7. Perform such other functions as assigned by the Board and to have such powers as may be necessary or appropriate in the efficient and lawful discharge of the foregoing.
The Committee shall have the resources and authority appropriate to discharge its duties and responsibilities, including the authority to select, retain, terminate, and approve the fees and other retention terms of special counsel or other experts or consultants, as it deems appropriate, without seeking approval of the Board or management. The Committee shall receive appropriate funding from the Company, as determined by the Committee, for payment of compensation to the independent registered public accounting firm and other advisors retained by the Committee and ordinary administrative expenses of the Committee that are necessary or appropriate to carrying out its duties.

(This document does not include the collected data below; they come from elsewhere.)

(* If some c > 1 were not an n-th power, the cosets c^(n^i) (F^x)^(n^(i+1)),
   i in N, would be pairwise disjoint: equal elements of two of them give, after
   extracting roots, c = w^n.  They are the instances of one formula with
   parameter c^(n^i).  In a countable ultrapower of F, the windows
   (c^(2jk), c^((2j+1)k))_k are pairwise disjoint intervals each of which meets
   every coset, because their length in the exponent k is unbounded.  Cosets and
   windows form the array forbidden by dp-smallness.  Hence every positive
   element of a dp-small ordered field is an n-th power, and v(a) = n v(b) for
   any b with b^n = |a|. *)

From HB Require Import structures.
From mathcomp Require Import all_boot all_order all_algebra.
From mathcomp Require Import boolp classical_sets functions filter zify.
Set Implicit Arguments. Unset Strict Implicit. Unset Printing Implicit Defensive.
Import Order.TTheory GRing.Theory Num.Theory.
Local Open Scope ring_scope.
Local Open Scope quotient_scope.

Lemma ultra_nearN {T : Type} {U : set_system T} {U_ultra : UltraFilter U} (P : set T) :
  (~ \forall k \near U, P k) <-> \forall k \near U, ~ P k.
Proof.
split=> [nP|nP P']; first by case: (in_ultra_setVsetC P U_ultra).
by apply: (@filter_const _ U _ False); apply: filterS2 nP P' => k.
Qed.

Section Ultrapower.
Variables (F : realFieldType) (U : set_system nat).
Context {U_ultra : UltraFilter U}.

Definition ultra_null (f : nat -> F) : bool := `[< \forall k \near U, f k = 0 >].

Lemma ultra_null_idealr_closed : idealr_closed ultra_null.
Proof.
split.
- by apply/asboolP; apply: nearW.
- by apply/negP => /asboolP /filter_ex [k /eqP]; rewrite oner_eq0.
- move=> a f g /asboolP f0 /asboolP g0; apply/asboolP.
  by apply: filterS2 f0 g0 => k fk gk; rewrite !fctE fk gk mulr0 addr0.
Qed.

HB.instance Definition _ :=
  isIdealr.Build (nat -> F) ultra_null ultra_null_idealr_closed.

Definition ultrapower := {ideal_quot (ultra_null : idealr (nat -> F))}.
HB.instance Definition _ := GRing.ComNzRing.on ultrapower.
HB.instance Definition _ := Quotient.on ultrapower.

Lemma pi_eqP (f g : nat -> F) :
  \pi_ultrapower f = \pi_ultrapower g <-> \forall k \near U, f k = g k.
Proof.
rewrite (rwP eqP) piE /= Quotient.equivE unfold_in -(rwP (asboolP _)).
rewrite (eq_near (Q := fun k => f k = g k)) // => k.
by rewrite !fctE (rwP eqP) subr_eq0; split=> /eqP.
Qed.

Lemma near_repr (f : nat -> F) : \forall k \near U, repr (\pi_ultrapower f) k = f k.
Proof. by apply/pi_eqP; rewrite reprK. Qed.

Lemma pi0 : \pi_ultrapower (fun=> 0) = 0. Proof. by rewrite piE. Qed.
Lemma pi1 : \pi_ultrapower (fun=> 1) = 1. Proof. by rewrite piE. Qed.
Lemma piD (f g : nat -> F) :
  \pi_ultrapower f + \pi_ultrapower g = \pi_ultrapower (fun k => f k + g k).
Proof. by rewrite piE. Qed.
Lemma piN (f : nat -> F) : - \pi_ultrapower f = \pi_ultrapower (fun k => - f k).
Proof. by rewrite piE. Qed.
Lemma piM (f g : nat -> F) :
  \pi_ultrapower f * \pi_ultrapower g = \pi_ultrapower (fun k => f k * g k).
Proof. by rewrite piE. Qed.

Lemma near_repr2 (f g : nat -> F) (R : F -> F -> Prop) :
  (\forall k \near U, R (repr (\pi_ultrapower f) k) (repr (\pi_ultrapower g) k)) <->
  \forall k \near U, R (f k) (g k).
Proof.
by split; apply: filterS3 (near_repr f) (near_repr g) => k -> ->.
Qed.

Definition ultra_inv (x : ultrapower) : ultrapower :=
  \pi_ultrapower (fun k => (repr x k)^-1).

Lemma piV (f : nat -> F) :
  ultra_inv (\pi_ultrapower f) = \pi_ultrapower (fun k => (f k)^-1).
Proof. by apply/pi_eqP; apply: filterS (near_repr f) => k ->. Qed.

Lemma ultra_mulVf (x : ultrapower) : x != 0 -> ultra_inv x * x = 1.
Proof.
elim/quotW: x => f; rewrite -pi0 piV piM -pi1.
move=> /eqP /pi_eqP /(iffLR (ultra_nearN _)) f_neq0.
by apply/pi_eqP; apply: filterS f_neq0 => k /eqP; apply: mulVf.
Qed.

Lemma ultra_inv0 : ultra_inv 0 = 0.
Proof. by rewrite -pi0 piV invr0. Qed.

HB.instance Definition _ :=
  GRing.ComNzRing_isField.Build ultrapower ultra_mulVf ultra_inv0.

Definition ultra_le (x y : ultrapower) : bool :=
  `[< \forall k \near U, repr x k <= repr y k >].
Definition ultra_lt (x y : ultrapower) : bool :=
  `[< \forall k \near U, repr x k < repr y k >].
Definition ultra_norm (x : ultrapower) : ultrapower :=
  \pi_ultrapower (fun k => `|repr x k|).

Lemma pi_leP (f g : nat -> F) :
  reflect (\forall k \near U, f k <= g k)
          (ultra_le (\pi_ultrapower f) (\pi_ultrapower g)).
Proof. exact: (equivP (asboolP _) (near_repr2 f g (<=%O))). Qed.

Lemma pi_ltP (f g : nat -> F) :
  reflect (\forall k \near U, f k < g k)
          (ultra_lt (\pi_ultrapower f) (\pi_ultrapower g)).
Proof. exact: (equivP (asboolP _) (near_repr2 f g (<%O))). Qed.

Lemma pi_norm (f : nat -> F) :
  ultra_norm (\pi_ultrapower f) = \pi_ultrapower (fun k => `|f k|).
Proof. by apply/pi_eqP; apply: filterS (near_repr f) => k ->. Qed.

Lemma ultra_le0_add (x y : ultrapower) :
  ultra_le 0 x -> ultra_le 0 y -> ultra_le 0 (x + y).
Proof.
elim/quotW: x => f; elim/quotW: y => g; rewrite -pi0 piD.
move=> /pi_leP f_ge0 /pi_leP g_ge0; apply/pi_leP.
by apply: filterS2 f_ge0 g_ge0 => k; apply: addr_ge0.
Qed.

Lemma ultra_le0_mul (x y : ultrapower) :
  ultra_le 0 x -> ultra_le 0 y -> ultra_le 0 (x * y).
Proof.
elim/quotW: x => f; elim/quotW: y => g; rewrite -pi0 piM.
move=> /pi_leP f_ge0 /pi_leP g_ge0; apply/pi_leP.
by apply: filterS2 f_ge0 g_ge0 => k; apply: mulr_ge0.
Qed.

Lemma ultra_le0_anti (x : ultrapower) : ultra_le 0 x -> ultra_le x 0 -> x = 0.
Proof.
elim/quotW: x => f; rewrite -pi0 => /pi_leP f_ge0 /pi_leP f_le0; apply/pi_eqP.
by apply: filterS2 f_ge0 f_le0 => k ge0 le0; apply/eqP; rewrite eq_le ge0 le0.
Qed.

Lemma ultra_sub_ge0 (x y : ultrapower) : ultra_le 0 (y - x) = ultra_le x y.
Proof.
elim/quotW: x => f; elim/quotW: y => g; rewrite -pi0 piN piD.
by apply/pi_leP/pi_leP; apply: filterS => k; rewrite subr_ge0.
Qed.

Lemma ultra_le0_total (x : ultrapower) : ultra_le 0 x || ultra_le x 0.
Proof.
elim/quotW: x => f; rewrite -pi0.
case: (in_ultra_setVsetC (fun k => 0 <= f k) U_ultra) => [f_ge0|f_nge0].
  by apply/orP; left; apply/pi_leP.
apply/orP; right; apply/pi_leP; apply: filterS f_nge0 => k /negP.
by rewrite -ltNge => /ltW.
Qed.

Lemma ultra_normN (x : ultrapower) : ultra_norm (- x) = ultra_norm x.
Proof.
by elim/quotW: x => f; rewrite piN !pi_norm; under eq_fun do rewrite normrN.
Qed.

Lemma ultra_ge0_norm (x : ultrapower) : ultra_le 0 x -> ultra_norm x = x.
Proof.
elim/quotW: x => f; rewrite -pi0 pi_norm => /pi_leP f_ge0; apply/pi_eqP.
by apply: filterS f_ge0 => k /ger0_norm.
Qed.

Lemma ultra_lt_def (x y : ultrapower) : ultra_lt x y = (y != x) && ultra_le x y.
Proof.
elim/quotW: x => f; elim/quotW: y => g.
apply/pi_ltP/andP => [f_lt_g|[g_neq_f /pi_leP f_le_g]].
  split; last by apply/pi_leP; apply: filterS f_lt_g => k /ltW.
  apply/eqP => /pi_eqP g_eq_f; apply: (@filter_const _ U _ False).
  by apply: filterS2 f_lt_g g_eq_f => k; rewrite lt_def => /andP[/eqP].
have /(iffLR (ultra_nearN _)) : ~ \forall k \near U, g k = f k.
  by move=> /pi_eqP; apply/eqP.
by apply: filterS2 f_le_g => k le_fg neq_gf; rewrite lt_def le_fg andbT; apply/eqP.
Qed.

HB.instance Definition _ := Num.IntegralDomain_isLeReal.Build ultrapower
  ultra_le0_add ultra_le0_mul ultra_le0_anti ultra_sub_ge0 ultra_le0_total
  ultra_normN ultra_ge0_norm ultra_lt_def.

Lemma pi_eval_term (e : nat -> nat -> F) (t : term) :
  eval_term (fun i => \pi_ultrapower (e i)) t =
  \pi_ultrapower (fun k => eval_term (fun i => e i k) t).
Proof.
elim: t => [i||| s IHs t IHt | s IHs | s IHs t IHt] /=.
- by [].
- by rewrite pi0.
- by rewrite pi1.
- by rewrite IHs IHt piD.
- by rewrite IHs piN.
- by rewrite IHs IHt piM.
Qed.

Lemma upd_pi (e : nat -> nat -> F) j (f : nat -> F) :
  upd (fun i => \pi_ultrapower (e i)) j (\pi_ultrapower f) =
  fun i => \pi_ultrapower (upd e j f i).
Proof. by apply: funext => i; rewrite /upd; case: (i == j). Qed.

Lemma upd_apply (T : Type) (e : nat -> nat -> T) j (f : nat -> T) k :
  (fun i => upd e j f i k) = upd (fun i => e i k) j (f k).
Proof. by apply: funext => i; rewrite /upd; case: (i == j). Qed.

Lemma holds_pi (phi : formula) (e : nat -> nat -> F) :
  holds (fun i => \pi_ultrapower (e i)) phi <->
  \forall k \near U, holds (fun i => e i k) phi.
Proof.
elim: phi e => [s t | s t | phi IH | phi IHphi psi IHpsi | j phi IH] e /=.
- by rewrite !pi_eval_term; apply: pi_eqP.
- by rewrite !pi_eval_term; split => /pi_ltP.
- by rewrite IH; apply: ultra_nearN.
- by rewrite IHphi IHpsi near_andP.
split=> [[a]|witnessed].
  rewrite -[a]reprK upd_pi IH; apply: filterS => k.
  by rewrite upd_apply; exists (repr a k).
exists (\pi_ultrapower
  (fun k => xget 0 (fun a => holds (upd (fun i => e i k) j a) phi))).
rewrite upd_pi IH; apply: filterS witnessed => k /xgetPex.
by rewrite upd_apply.
Qed.

Definition ultra_diag (a : F) : ultrapower := \pi_ultrapower (fun=> a).

Lemma ultra_diag_elementary : elementary ultra_diag.
Proof.
move=> phi e; rewrite [holds (ultra_diag \o e) _](holds_pi phi (fun i _ => e i)).
by split=> [phi_e|/filter_const]; first exact: nearW.
Qed.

Except as expressly provided in this Charter or the by-laws of the Company, or as otherwise provided by law or the requirements of Nasdaq, the Committee shall fix its own rules of procedure. The Committee may form and delegate authority to a subcommittee or any member of the Committee when appropriate. Without limiting the generality of the foregoing, the Committee may, in its discretion, delegate to one or more of its members the authority to pre-approve any audit, audit-related or non-audit services to be performed by the independent registered public accounting firm, provided that any such approvals are presented to the Audit Committee at its next scheduled meeting.
Minutes of each meeting will be kept and distributed to each member of the Committee, members of the Board who are not members of the Committee, and the Secretary of the Company. The Committee shall report a summary of the actions taken at each Committee meeting, which shall be presented to the Board at the next Board meeting.